The quartz used in semiconductors is not ordinary glass: the light transmittance of quartz glass used in photolithography machines needs to exceed 93%; the quartz pipe fittings used in diffusion furnaces can withstand temperatures of up to 1200℃; the quartz sheets and rings used for etching must have impurity content controlled within two parts per million.

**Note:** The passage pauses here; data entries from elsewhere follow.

Lemma bang_map_fixes_extended_copy p f x y i a :
  fixes (bang_es E) (bang_map p f) x -> ext_by (bang_es E) Pos x y ->
  y (i, a) -> pf p i = i.
Proof.
  intros Hfix (_ & Hy & _ & Hpol) Hya.
  destruct (minimal_below E HE a) as (a0 & Ha0a & Ha0).
  assert (Hya0 : y (i, a0))
    by (destruct Hy as (_ & Hdown & _); apply (Hdown (i, a)); simpl; auto).
  assert (Hxa0 : x (i, a0)).
  { apply NNPP; intro Hn; specialize (Hpol _ Hya0 Hn); simpl in Hpol.
    rewrite minimal_negative in Hpol by exact Ha0; discriminate. }
  specialize (Hfix _ Hxa0); injection Hfix; auto.
Qed.

Lemma negative_auto_bang_map p f :
  (forall i, negative_auto E (f i)) -> negative_auto (bang_es E) (bang_map p f).
Proof.
  intros Hf x y Hx Hfix Hext; apply fixes_bang_map.
  - intros i a; eapply bang_map_fixes_extended_copy; eauto.
  - intro i; apply (Hf i (slice x i)).
    + apply config_slice; auto.
    + eapply fixes_bang_map_slice; eauto.
    + apply ext_by_slice; auto.
Qed.

End BangEventStructure.

Section BangGroups.

Variables N P : grp.

Lemma bang_N_ext (g h : gcar (bang_N N)) :
  (forall n, pf (fst g) n = pf (fst h) n) ->
  (forall n, pb (fst g) n = pb (fst h) n) ->
  (forall i, snd g i = snd h i) -> g = h.
Proof.
  destruct g as [p f], h as [q k]; simpl; intros Hf Hb Hk.
  rewrite (perm_ext p q Hf Hb), (functional_extensionality f k Hk); reflexivity.
Qed.

Lemma bang_N_is_group : is_group N -> is_group (bang_N N).
Proof.
  intros (Hassoc & Hmul1g & Hmulg1 & Hmulvg & Hmulgv); unfold is_group;
    split_and; intros; apply bang_N_ext; simpl; intros; auto using pfb, pbf.
  rewrite pbf; auto.
Qed.

Lemma bang_P_is_group : is_group P -> is_group (bang_P P).
Proof.
  intros (Hassoc & Hmul1g & Hmulg1 & Hmulvg & Hmulgv); unfold is_group;
    split_and; intros; apply functional_extensionality; intro; simpl; auto.
Qed.

End BangGroups.

Definition bang_actN {N : grp} {E : esd} (act : gcar N -> ev E -> ev E)
  (g : gcar (bang_N N)) : ev (bang_es E) -> ev (bang_es E) :=
  bang_map E (fst g) (fun i => act (snd g i)).

Definition bang_actP {P : grp} {E : esd} (act : gcar P -> ev E -> ev E)
  (b : gcar (bang_P P)) : ev (bang_es E) -> ev (bang_es E) :=
  bang_map E perm_id (fun i => act (b i)).

Definition bang_lam {N P : grp} (l : gcar N -> gcar P -> gcar P * gcar N)
  (g : gcar (bang_N N)) (b : gcar (bang_P P)) :
  gcar (bang_P P) * gcar (bang_N N) :=
  (fun i => fst (l (snd g (pb (fst g) i)) (b (pb (fst g) i))),
   (fst g, fun i => snd (l (snd g i) (b i)))).

Section BangActions.

Variables (N P : grp) (E : esd).

Lemma bang_actN_is_left_action (act : gcar N -> ev E -> ev E) :
  is_es E -> (forall e, minimal E e -> polarity E e = Neg) ->
  is_left_action N E act (negative_auto E) ->
  is_left_action (bang_N N) (bang_es E) (bang_actN act)
    (negative_auto (bang_es E)).
Proof.
  intros HE Hmin (Hact1 & HactM & Haut & Hneg); unfold is_left_action;
    split_and.
  - intros [i a]; unfold bang_actN, bang_map; simpl; rewrite Hact1; reflexivity.
  - intros [p f] [q k] [i a]; unfold bang_actN, bang_map; simpl.
    rewrite HactM; reflexivity.
  - intro g; apply automorphism_bang_map; auto.
  - intro g; apply negative_auto_bang_map; auto.
Qed.

Lemma bang_actP_is_left_action (act : gcar P -> ev E -> ev E) :
  is_left_action P E act (positive_auto E) ->
  is_left_action (bang_P P) (bang_es E) (bang_actP act)
    (positive_auto (bang_es E)).
Proof.
  intros (Hact1 & HactM & Haut & Hpos); unfold is_left_action; split_and.
  - intros [i a]; unfold bang_actP, bang_map; simpl; rewrite Hact1; reflexivity.
  - intros b c [i a]; unfold bang_actP, bang_map; simpl.
    rewrite HactM; reflexivity.
  - intro b; apply automorphism_bang_map; auto.
  - intro b; apply positive_auto_bang_map; auto.
Qed.

Lemma distr_law_mul_N (l : gcar N -> gcar P -> gcar P * gcar N) n1 n2 b :
  is_distr_law N P l ->
  l (gmul N n1 n2) b =
  (fst (l n1 (fst (l n2 b))),
   gmul N (snd (l n1 (fst (l n2 b)))) (snd (l n2 b))).
Proof.
  intros (_ & _ & HlM & _); rewrite HlM.
  destruct (l n2 b) as [b' n2']; simpl; destruct (l n1 b'); reflexivity.
Qed.

Lemma distr_law_mul_P (l : gcar N -> gcar P -> gcar P * gcar N) n b1 b2 :
  is_distr_law N P l ->
  l n (gmul P b1 b2) =
  (gmul P (fst (l n b1)) (fst (l (snd (l n b1)) b2)),
   snd (l (snd (l n b1)) b2)).
Proof.
  intros (_ & _ & _ & HMl); rewrite HMl.
  destruct (l n b1) as [b1' n']; simpl; destruct (l n' b2); reflexivity.
Qed.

Why are the performance requirements for the same quartz products so vastly different? What are the strict regulations for the raw materials and finished products of quartz used in the semiconductor industry? The quartz raw materials used for semiconductors can be processed into various industrial-specific accessories such as quartz rods, quartz boats, and quartz crucibles, and must meet the following multiple strict indicators:


1. Specific Process Requirements

High-temperature process (diffusion, oxidation): The raw materials for preparing high-temperature resistant quartz tubes, quartz boats, and furnace components need to be pre-treated to remove hydroxyl groups to avoid the influence of hydroxyl groups on the thermal stability of the materials.


Low-temperature process (etching, photolithography): The quartz sheets and quartz glass sheets used do not have strict requirements for hydroxyl groups. The core control focuses on corrosion resistance, high light transmittance, and ultra-low impurity content.

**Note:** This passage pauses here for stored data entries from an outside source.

(* The sets reached from y in r0, r0 + s, r0 + 2s, ... steps grow with each turn
   around the closed walk at y until they fill everything. *)
Lemma card_out_set_ge s u y d T : 0 < s ->
  bpow N d u y -> bpow N s y y -> d <= T ->
  minn m (1 + (T - d) %/ s) <= #|out_set N T u|.
Proof.
move=> s_gt0 duy syy le_dT.
set r0 := (T - d) %% s; set k0 := (T - d) %/ s.
set F := fun k => out_set N (k * s + r0) y.
have FS k : F k.+1 = [set w | [exists v, (v \in F k) && bpow N s v w]].
  apply/setP=> w; rewrite !inE mulSn -addnA addnC; apply/idP/existsP.
    by move/bpowDP=> [v kyv svw]; exists v; rewrite inE kyv.
  by case=> v /andP[]; rewrite inE; apply: bpow_trans.
have F0 : 1 <= #|F 0|.
  have [w r0yw] := bpow_out (0 * s + r0) y.
  by rewrite card_gt0; apply/set0Pn; exists w; rewrite inE.
have grow : minn m (#|F 0| + k0) <= #|F k0|.
  rewrite -{1}[m]card_ord; apply: (card_chain_growth (K := r)).
  - move=> k; apply/subsetP=> w; rewrite !inE => kyw.
    by rewrite mulSn -addnA; apply: bpow_trans syy kyw.
  - by move=> k Fk; rewrite FS Fk -FS.
  - by apply/setP=> w; rewrite !inE; apply: bpow_full; nia.
apply: leq_trans (_ : #|F k0| <= _).
  by apply: leq_trans grow; rewrite leq_min geq_minl /= geq_min leq_add2r F0 orbT.
apply: subset_leq_card; apply/subsetP=> w; rewrite !inE => k0yw.
rewrite -(subnKC le_dT) (divn_eq (T - d) s); apply: bpow_trans duy k0yw.
Qed.

Section ShortestCycle.
Variables (s : nat) (c : nat -> 'I_m).
Hypotheses (s_gt0 : 0 < s) (s_min : forall t y, 0 < t -> t < s -> ~~ bpow N t y y).
Hypotheses (c_step : forall i, N (c i) (c i.+1)) (c_periodic : forall i, c (i + s) = c i).

Lemma cycle_walk i k : bpow N k (c i) (c (i + k)).
Proof.
elim: k => [|k IHk]; first by rewrite addn0 bpow0.
by rewrite addnS -addn1; apply: bpow_trans IHk _; rewrite bpow1.
Qed.

Lemma cycle_closed i : bpow N s (c i) (c i).
Proof. by have := cycle_walk i s; rewrite c_periodic. Qed.

Lemma cycle_mod i : c i = c (i %% s).
Proof.
rewrite {1}(divn_eq i s); elim: (i %/ s) => [|q IHq]; first by rewrite mul0n add0n.
by rewrite mulSn -addnA addnC c_periodic.
Qed.

Lemma cycle_eq i j : i %% s = j %% s -> c i = c j.
Proof. by move=> ij; rewrite cycle_mod ij -cycle_mod. Qed.

Lemma cycle_inj i j : i < s -> j < s -> c i = c j -> i = j.
Proof.
wlog le_ij : i j / i <= j => [W lt_is lt_js cij|lt_is lt_js cij].
  by case: (leqP i j) => [|/ltnW] ?; [apply: W | symmetry; apply: W].
have := cycle_walk i (j - i); rewrite subnKC // -cij => closed_ji.
apply/eqP; rewrite eqn_leq le_ij leqNgt; apply/negP=> lt_ij.
have lt_jis : j - i < s by apply: leq_ltn_trans (leq_subr _ _) lt_js.
by have := s_min (c i) (_ : 0 < j - i) lt_jis; rewrite closed_ji subn_gt0 => /(_ lt_ij).
Qed.

Lemma cycle_back i j :
  exists l, [/\ bpow N l (c j) (c i), l < s & (i %% s + s - l) %% s = j %% s].
Proof.
set i' := i %% s; set j' := j %% s.
have lt_is : i' < s by rewrite ltn_pmod.
have lt_js : j' < s by rewrite ltn_pmod.
rewrite (cycle_mod j) (cycle_mod i) -/i' -/j'.
case: (leqP j' i') => [le_ji|lt_ij].
  exists (i' - j'); split.
  + by have := cycle_walk j' (i' - j'); rewrite subnKC.
  + by apply: leq_ltn_trans (leq_subr _ _) lt_is.
  + have -> : i' + s - (i' - j') = j' + s by lia.
    by rewrite modnDr modn_small.
exists (i' + s - j'); split.
+ by have := cycle_walk j' (i' + s - j'); rewrite subnKC ?c_periodic //; lia.
+ lia.
+ have -> : i' + s - (i' + s - j') = j' by lia.
  by rewrite modn_small.
Qed.

Lemma cycle_forward t i j : 0 < t -> bpow N t (c i) (c j) ->
  exists k, [/\ 0 < k, k <= t & j %% s = (i + k) %% s].
Proof.
move=> t_gt0 tij; have [l [lji lt_ls back]] := cycle_back i j.
have closed_i : bpow N (t + l) (c i) (c i) by apply: bpow_trans tij lji.
have le_s_tl : s <= t + l.
  rewrite leqNgt; apply/negP=> lt_tl_s.
  by have := s_min (c i) (_ : 0 < t + l) lt_tl_s; rewrite closed_i addn_gt0 t_gt0 => /(_ isT).
exists (s - l); split; first by rewrite subn_gt0.
  by rewrite leq_subLR addnC.
by rewrite -back -modnDml addnBA // ltnW.
Qed.

Lemma cycle_arc i j : N (c i) (c j) -> j %% s = i.+1 %% s.
Proof.
rewrite -bpow1 => Nij; have [k [k_gt0 le_k1 ->]] := @cycle_forward 1 i j isT Nij.
have -> : k = 1 by apply/eqP; rewrite eqn_leq le_k1 k_gt0.
by rewrite addn1.
Qed.

Definition cycle_set := [set c i | i : 'I_s].

Definition cycle_index (w : 'I_m) : nat :=
  if [pick k : 'I_s | c k == w] is Some k then val k else 0.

The differences in requirements for high and low-temperature conditions are significant and stem from the different process environments:

High-temperature process (diffusion, oxidation, 800~1200℃): Hydroxyl groups can cause quartz phase transformation contraction and the formation of micro-cracks, and in severe cases, lead to cracking of the furnace tube and the destruction of the wafer. Therefore, the quartz raw materials used for high-temperature applications must be dehydroxylated to less than 5 ppm to ensure the stable size and sufficient lifespan of the quartz tube and quartz boat at high temperatures.

Low-temperature process (etching, photolithography, room temperature~ 200℃): Temperature does not damage the quartz body; the strong corrosive

 environment of etching requires the quartz rings and cavity accessories to be corrosion-resistant; the ultraviolet imaging of photolithography requires high light transmittance and few internal defects of the quartz glass sheet; trace impurities are prone to contaminating the cavity, so this scenario focuses on controlling the light transmittance and purity indicators.


Summary: In high-temperature conditions, hydroxyl groups are strictly controlled to adapt to heat-resistant products such as quartz tubes and quartz boats; in low-temperature conditions, emphasis is placed on light transmittance to adapt to optical products such as quartz sheets and quartz glass sheets; in corrosive conditions, ultra-high purity is the core, adapting to various semiconductor quartz instruments.


2. High Purity

Semiconductor quartz materials require extremely high chemical purity and strict control over impurities such as aluminum, iron, calcium, magnesium, and titanium. This is the foundation for mass production of quartz rods, quartz crucibles, quartz glass tubes, and quartz rings, among other products: the total content of 13 major impurities should be≤2.0μg/g, the total amount of lithium, sodium, and potassium alkali metals should be≤1.0μg/g, and each individual impurity should be≤0.5μg/g.


The chip manufacturing process has reached the nanometer level, and the potential risks of trace metal impurities are extremely high: aluminum and iron can cause chip leakage, while lithium, sodium, and potassium ions migrating can break through the insulating layer. High purity is the entry requirement for quartz wafers, quartz crucibles, and quartz tubes to enter the semiconductor production line.


In summary, semiconductor quartz adheres to the principle that the lower the impurities, the better. Purity is the primary threshold for the supporting chip production line.

quartz


3.Light Transmittance

This material exhibits high transmittance across the entire ultraviolet to infrared spectrum, making it suitable for the production of optical-grade quartz glass plates and ultra-flat quartz plates. The visible light transmittance exceeds 93%, while the ultraviolet transmittance can reach over 90%, ensuring precise light path transmission and stable imaging in the photolithography process.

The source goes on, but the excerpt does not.